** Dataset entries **
Lemma root_lam j : root (map_poly ratr (map_poly (intr : int -> rat) p)) (lam j).
Proof.
rewrite -map_poly_comp (eq_map_poly (fun z => rmorph_int _ z)) Hroots.
by rewrite rootE hornerZ horner_prod (bigD1 j) //= hornerXsubC subrr mul0r mulr0.
Qed.

Lemma powsum_conj m (eps : 'I_m -> int) e j :
  powsum eps e eta = 0 -> powsum eps e (lam j) = 0.
Proof.
rewrite !powsum_horner => /eqP root_eta; apply/eqP.
apply: root_dvdp (root_lam j); rewrite dvdp_map.
exact: irredp_dvdp_of_root Hirr (root_lam ord0) root_eta.
Qed.

Lemma eta_gt0 : 0 < eta.
Proof. exact: lt_trans ltr01 Hgt1. Qed.

Lemma norm_lam_le j : `|lam j| <= eta.
Proof.
have [->|/Hdom/ltW //] := eqVneq j ord0.
by rewrite ger0_norm // ltW // eta_gt0.
Qed.

Lemma lrs_powsum_half_bound m D :
  exists2 A, 0 < A & exists K, forall (eps : 'I_m -> int) e n,
    (forall k, eps k = 1 \/ eps k = -1) -> (forall k, (e k <= D)%N) -> (K <= n)%N ->
    powsum eps e eta != 0 ->
    A * eta ^+ n <= 2 * `|\sum_j c j * lam j ^+ n * powsum eps e (lam j)|.
Proof.
have [r r_gt0 Hr] := powsum_norm_lbound eta m D.
pose A := `|c ord0| * r; pose B := m%:R * eta ^+ D.
have A_gt0 : 0 < A by rewrite mulr_gt0 ?normr_gt0.
have B_ge0 : 0 <= B by rewrite mulr_ge0 ?ler0n ?exprn_ge0 ?ltW ?eta_gt0.
have w_real j : j != ord0 -> 2 * B * `|c j| \is Num.real.
  by move=> _; apply/ger0_real/mulr_ge0/normr_ge0/mulr_ge0/B_ge0/ler0n.
have t_bnd j : j != ord0 -> 0 <= `|lam j| < eta by move/Hdom ->; rewrite normr_ge0.
have [K HK] := eventually_sum_expr_le A_gt0 eta_gt0 w_real t_bnd.
exists A => //; exists K => eps e n Heps le_eD le_Kn P0.
rewrite (bigD1 ord0) //=; apply: ler_normD_dominant.
  rewrite !normrM normrX (ger0_norm (ltW eta_gt0)) mulrAC /A.
  by rewrite ler_pM2l ?Hr // mulr_gt0 ?normr_gt0 ?exprn_gt0 ?eta_gt0.
apply: le_trans (HK n le_Kn).
apply: le_trans (ler_wpM2l (ler0n _ 2) (ler_norm_sum _ _ _)) _.
rewrite mulr_sumr; apply: ler_sum => j _; rewrite -!mulrA ler_wpM2l //.
rewrite !normrM normrX mulrA [X in X <= _]mulrC [X in _ <= X]mulrA.
rewrite ler_wpM2r ?mulr_ge0 ?normr_ge0 ?exprn_ge0 //.
exact: norm_powsum_le Heps le_eD (ltW Hgt1) (norm_lam_le j).
Qed.

Lemma lrs_powsum_lower_bound m D :
  exists L K : nat, forall (eps : 'I_m -> int) e n,
    (forall k, eps k = 1 \/ eps k = -1) -> (forall k, (e k <= D)%N) -> (K <= n)%N ->
    powsum eps e eta != 0 ->
    eta ^ (n%:Z - L%:Z) <= `|\sum_j c j * lam j ^+ n * powsum eps e (lam j)|.
Proof.
have [A A_gt0 [K HK]] := lrs_powsum_half_bound m D.
have [L HL] : exists L, 2 <= A * eta ^+ L.
  have [L HL] := complex_eventually_expr_le (@realn _ 2) A_gt0 ler01 Hgt1.
  by exists L; have := HL L (leqnn L); rewrite expr1n mulr1.
exists L, K => eps e n Heps le_eD le_Kn P0.
have := HK eps e n Heps le_eD le_Kn P0.
have -> : A * eta ^+ n = eta ^ (n%:Z - L%:Z) * (A * eta ^+ L).
  by rewrite mulrCA -[eta ^+ L]/(eta ^ L%:Z) -expfzDr ?gt_eqF ?eta_gt0 // subrK.
move=> le_S; rewrite -(ler_pM2l (ltr0Sn _ 1)); apply: le_trans le_S.
by rewrite mulrC ler_wpM2l // exprz_ge0 // ltW // eta_gt0.
Qed.

End DominantRoot.

Theorem lemma6p3 (R : realType) (d : nat) (lam c : 'I_d.+1 -> R[i])
  (p : {poly int})
  (Hdeg : size p = d.+2)
  (Hirr : irreducible_poly (map_poly (intr : int -> rat) p))
  (Hroots : map_poly (intr : int -> R[i]) p
            = (lead_coef p)%:~R *: \prod_(j < d.+1) ('X - (lam j)%:P))
  (Hreal : lam ord0 \is Num.real)
  (Hgt1 : 1 < lam ord0)
  (Hdom : forall j : 'I_d.+1, j != ord0 -> `|lam j| < lam ord0)
  (Hc : c ord0 != 0)
  (Hpos : forall n : nat, (0 < n)%N ->
            exists k : nat, (0 < k)%N /\ lrs c lam n = k%:R)
  (m l : nat) :
  exists L2 K2 : nat,
    forall (eps : 'I_m -> int) (idx : 'I_m -> nat),
      (forall j, eps j = 1 \/ eps j = -1) ->
      (forall j, (K2 <= idx j)%N) ->
      (gap [seq idx j | j <- enum 'I_m] <= l)%N ->
      let S := \sum_(j < m) (eps j)%:~R * lrs c lam (idx j) in
      (S = 0 -> \sum_(j < m) (eps j)%:~R * lam ord0 ^+ idx j = 0) /\
      (S != 0 ->
         lam ord0 ^ ((seqmin [seq idx j | j <- enum 'I_m])%:Z - L2%:Z) <= `|S|).
Proof.
case: m => [|m].
  by exists 0%N, 0%N => eps idx _ _ _ S; rewrite /S !big_ord0 eqxx.
have [L [K HK]] := lrs_powsum_lower_bound Hgt1 Hdom Hc m.+1 (m * l).
exists L, K => eps idx Heps le_K_idx Hgap S.
set s := [seq idx j | j <- enum 'I_m.+1]; set i0 := seqmin s.
have idx_s k : idx k \in s by rewrite map_f ?mem_enum.
have le_i0_idx k : (i0 <= idx k)%N := seqmin_le (idx_s k).
have le_e k : (idx k - i0 <= m * l)%N.
  have := le_seqmin_gap (idx_s k); rewrite size_map size_enum_ord /= -/i0.
  have := leq_mul (leqnn m) Hgap; rewrite -/s; lia.
have le_K_i0 : (K <= i0)%N.
  by rewrite /i0; have /mapP [j0 _ ->] := seqmin_mem (idx_s ord0).
pose e k := (idx k - i0)%N.
have HS : S = \sum_j c j * lam j ^+ i0 * powsum eps e (lam j).
  rewrite /S sum_lrs_powsum; apply: eq_bigr => j _.
  by rewrite (powsum_shift _ _ le_i0_idx) mulrA.
have [P0|P0] := eqVneq (powsum eps e (lam ord0)) 0.
  have S0 : S = 0.
    by rewrite HS big1 // => j _; rewrite (powsum_conj Hirr Hroots _ P0) mulr0.
  split=> [_|]; last by rewrite S0 eqxx.
  by rewrite -[LHS]/(powsum eps idx _) (powsum_shift _ _ le_i0_idx) P0 mulr0.
have := HK eps e i0 Heps le_e le_K_i0 P0; rewrite -HS => le_S.
split=> [S0|//].
by have := lt_le_trans (exprz_gt0 _ (eta_gt0 Hgt1)) le_S; rewrite S0 normr0 ltxx.
Qed.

** REQUIRED ACTION **
Retype only the lines above between the line with "Theorem lemma6p3 (R" and the line with "case: m => [|m].", counting those two lines as well, and keep every character as it is.

** WRITTEN RESPONSE **
Theorem lemma6p3 (R : realType) (d : nat) (lam c : 'I_d.+1 -> R[i])
  (p : {poly int})
  (Hdeg : size p = d.+2)
  (Hirr : irreducible_poly (map_poly (intr : int -> rat) p))
  (Hroots : map_poly (intr : int -> R[i]) p
            = (lead_coef p)%:~R *: \prod_(j < d.+1) ('X - (lam j)%:P))
  (Hreal : lam ord0 \is Num.real)
  (Hgt1 : 1 < lam ord0)
  (Hdom : forall j : 'I_d.+1, j != ord0 -> `|lam j| < lam ord0)
  (Hc : c ord0 != 0)
  (Hpos : forall n : nat, (0 < n)%N ->
            exists k : nat, (0 < k)%N /\ lrs c lam n = k%:R)
  (m l : nat) :
  exists L2 K2 : nat,
    forall (eps : 'I_m -> int) (idx : 'I_m -> nat),
      (forall j, eps j = 1 \/ eps j = -1) ->
      (forall j, (K2 <= idx j)%N) ->
      (gap [seq idx j | j <- enum 'I_m] <= l)%N ->
      let S := \sum_(j < m) (eps j)%:~R * lrs c lam (idx j) in
      (S = 0 -> \sum_(j < m) (eps j)%:~R * lam ord0 ^+ idx j = 0) /\
      (S != 0 ->
         lam ord0 ^ ((seqmin [seq idx j | j <- enum 'I_m])%:Z - L2%:Z) <= `|S|).
Proof.
case: m => [|m].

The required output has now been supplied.